===== SUPPLIED ENTRIES

Lemma crossNC u v : cross u v = - cross v u.
Proof. by apply: pvecP; rewrite !coordE; ring. Qed.
Lemma crossZl x u v : cross (x *: u) v = x *: cross u v.
Proof. by apply: pvecP; rewrite !coordE; ring. Qed.
Lemma crossZr x u v : cross u (x *: v) = x *: cross u v.
Proof. by apply: pvecP; rewrite !coordE; ring. Qed.
Lemma crossv0 v : cross v 0 = 0.
Proof. by apply: pvecP; rewrite !coordE; ring. Qed.
Lemma cross_self v : cross v v = 0.
Proof. by apply: pvecP; rewrite !coordE; ring. Qed.
Lemma dotC u v : dot u v = dot v u.
Proof. by rewrite /dot; ring. Qed.
Lemma dotDZl u v w x : dot (u + x *: v) w = dot u w + x * dot v w.
Proof. by rewrite /dot !coordE; ring. Qed.
Lemma dot_crossl u v : dot (cross u v) u = 0.
Proof. by rewrite /dot !coordE; ring. Qed.
Lemma dot_crossr u v : dot (cross u v) v = 0.
Proof. by rewrite /dot !coordE; ring. Qed.
Lemma cross_crossr u v w : cross u (cross v w) = dot u w *: v - dot u v *: w.
Proof. by apply: pvecP; rewrite /dot !coordE; ring. Qed.
Lemma cross_cross_common u v w : cross (cross u v) (cross u w) = det3 u v w *: u.
Proof. by apply: pvecP; rewrite /det3 /dot !coordE; ring. Qed.
Lemma cramer u v w p :
  det3 u v w *: p = det3 p v w *: u + det3 u p w *: v + det3 u v p *: w.
Proof. by apply: pvecP; rewrite /det3 /dot !coordE; ring. Qed.
Lemma det3_dual u v w l :
  det3 u v w *: l = dot u l *: cross v w + dot v l *: cross w u + dot w l *: cross u v.
Proof. by apply: pvecP; rewrite /det3 /dot !coordE; ring. Qed.

Lemma mkv0 : mkv 0 0 0 = 0.
Proof. by apply: pvecP; rewrite !coordE. Qed.

Lemma cross_eq0_scale q v : cross q v = 0 ->
  [/\ c0 q *: v = c0 v *: q, c1 q *: v = c1 v *: q & c2 q *: v = c2 v *: q].
Proof.
move=> qv0.
have e0 : c0 q *: v - c0 v *: q = mkv 0 (c2 (cross q v)) (- c1 (cross q v)).
  by apply: pvecP; rewrite !coordE; ring.
have e1 : c1 q *: v - c1 v *: q = mkv (- c2 (cross q v)) 0 (c0 (cross q v)).
  by apply: pvecP; rewrite !coordE; ring.
have e2 : c2 q *: v - c2 v *: q = mkv (c1 (cross q v)) (- c0 (cross q v)) 0.
  by apply: pvecP; rewrite !coordE; ring.
rewrite qv0 !coordE oppr0 mkv0 in e0 e1 e2.
by split; apply/eqP; rewrite -subr_eq0 ?e0 ?e1 ?e2.
Qed.

End Coordinates.

Section HomogeneousForms.
Variables (K : fieldType) (d : nat).
Implicit Types (Q : {mpoly K[3]}) (a b v : pvec K) (x t : K).

Lemma prod3 (F : 'I_3 -> K) : \prod_(i < 3) F i = F 0 * F 1 * F 2.
Proof. by rewrite !big_ord_recr big_ord0 /= mul1r; congr (F _ * F _ * F _); exact: val_inj. Qed.

Lemma sum3 (F : 'I_3 -> nat) : (\sum_(i < 3) F i = F 0%R + F 1%R + F 2%R)%N.
Proof. by rewrite !big_ord_recr big_ord0 /=; congr (F _ + F _ + F _)%N; exact: val_inj. Qed.

Definition mnm3 (i j : nat) : 'X_{1..3} :=
  [multinom (nth 0%N [:: i; j; (d - i - j)%N] k) | k < 3].

Lemma mnm3_0 i j : mnm3 i j 0 = i. Proof. by rewrite mnmE. Qed.
Lemma mnm3_1 i j : mnm3 i j 1 = j. Proof. by rewrite mnmE. Qed.
Lemma mnm3_2 i j : mnm3 i j 2 = (d - i - j)%N. Proof. by rewrite mnmE. Qed.

Lemma mdeg_mnm3 i j : (i + j <= d)%N -> mdeg (mnm3 i j) = d.
Proof. by move=> le_ij; rewrite mdegE sum3 mnm3_0 mnm3_1 mnm3_2; lia. Qed.

Lemma mnm3E (m : 'X_{1..3}) : mdeg m = d -> mnm3 (m 0%R) (m 1%R) = m.
Proof.
rewrite mdegE sum3 => deg_m; apply/mnmP => k; rewrite mnmE.
have mE (i j : 'I_3) : val i = val j -> m i = m j by move=> /val_inj ->.
case: k => [[|[|[|//]]] lt_k3] /=; [exact: mE | exact: mE |].
by rewrite (mE (Ordinal lt_k3) 2%R) //; lia.
Qed.

Definition hcoef Q i j := Q@_(mnm3 i j).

==========

● WHAT IS BEING ASKED: Restate word for word the lines above, beginning at the first one and ending at the line that carries "Proof. by apply: pvecP; rewrite !coordE. Qed.".

● RESULT FOR THIS TASK:
Lemma crossNC u v : cross u v = - cross v u.
Proof. by apply: pvecP; rewrite !coordE; ring. Qed.
Lemma crossZl x u v : cross (x *: u) v = x *: cross u v.
Proof. by apply: pvecP; rewrite !coordE; ring. Qed.
Lemma crossZr x u v : cross u (x *: v) = x *: cross u v.
Proof. by apply: pvecP; rewrite !coordE; ring. Qed.
Lemma crossv0 v : cross v 0 = 0.
Proof. by apply: pvecP; rewrite !coordE; ring. Qed.
Lemma cross_self v : cross v v = 0.
Proof. by apply: pvecP; rewrite !coordE; ring. Qed.
Lemma dotC u v : dot u v = dot v u.
Proof. by rewrite /dot; ring. Qed.
Lemma dotDZl u v w x : dot (u + x *: v) w = dot u w + x * dot v w.
Proof. by rewrite /dot !coordE; ring. Qed.
Lemma dot_crossl u v : dot (cross u v) u = 0.
Proof. by rewrite /dot !coordE; ring. Qed.
Lemma dot_crossr u v : dot (cross u v) v = 0.
Proof. by rewrite /dot !coordE; ring. Qed.
Lemma cross_crossr u v w : cross u (cross v w) = dot u w *: v - dot u v *: w.
Proof. by apply: pvecP; rewrite /dot !coordE; ring. Qed.
Lemma cross_cross_common u v w : cross (cross u v) (cross u w) = det3 u v w *: u.
Proof. by apply: pvecP; rewrite /det3 /dot !coordE; ring. Qed.
Lemma cramer u v w p :
  det3 u v w *: p = det3 p v w *: u + det3 u p w *: v + det3 u v p *: w.
Proof. by apply: pvecP; rewrite /det3 /dot !coordE; ring. Qed.
Lemma det3_dual u v w l :
  det3 u v w *: l = dot u l *: cross v w + dot v l *: cross w u + dot w l *: cross u v.
Proof. by apply: pvecP; rewrite /det3 /dot !coordE; ring. Qed.

Lemma mkv0 : mkv 0 0 0 = 0.
Proof. by apply: pvecP; rewrite !coordE. Qed.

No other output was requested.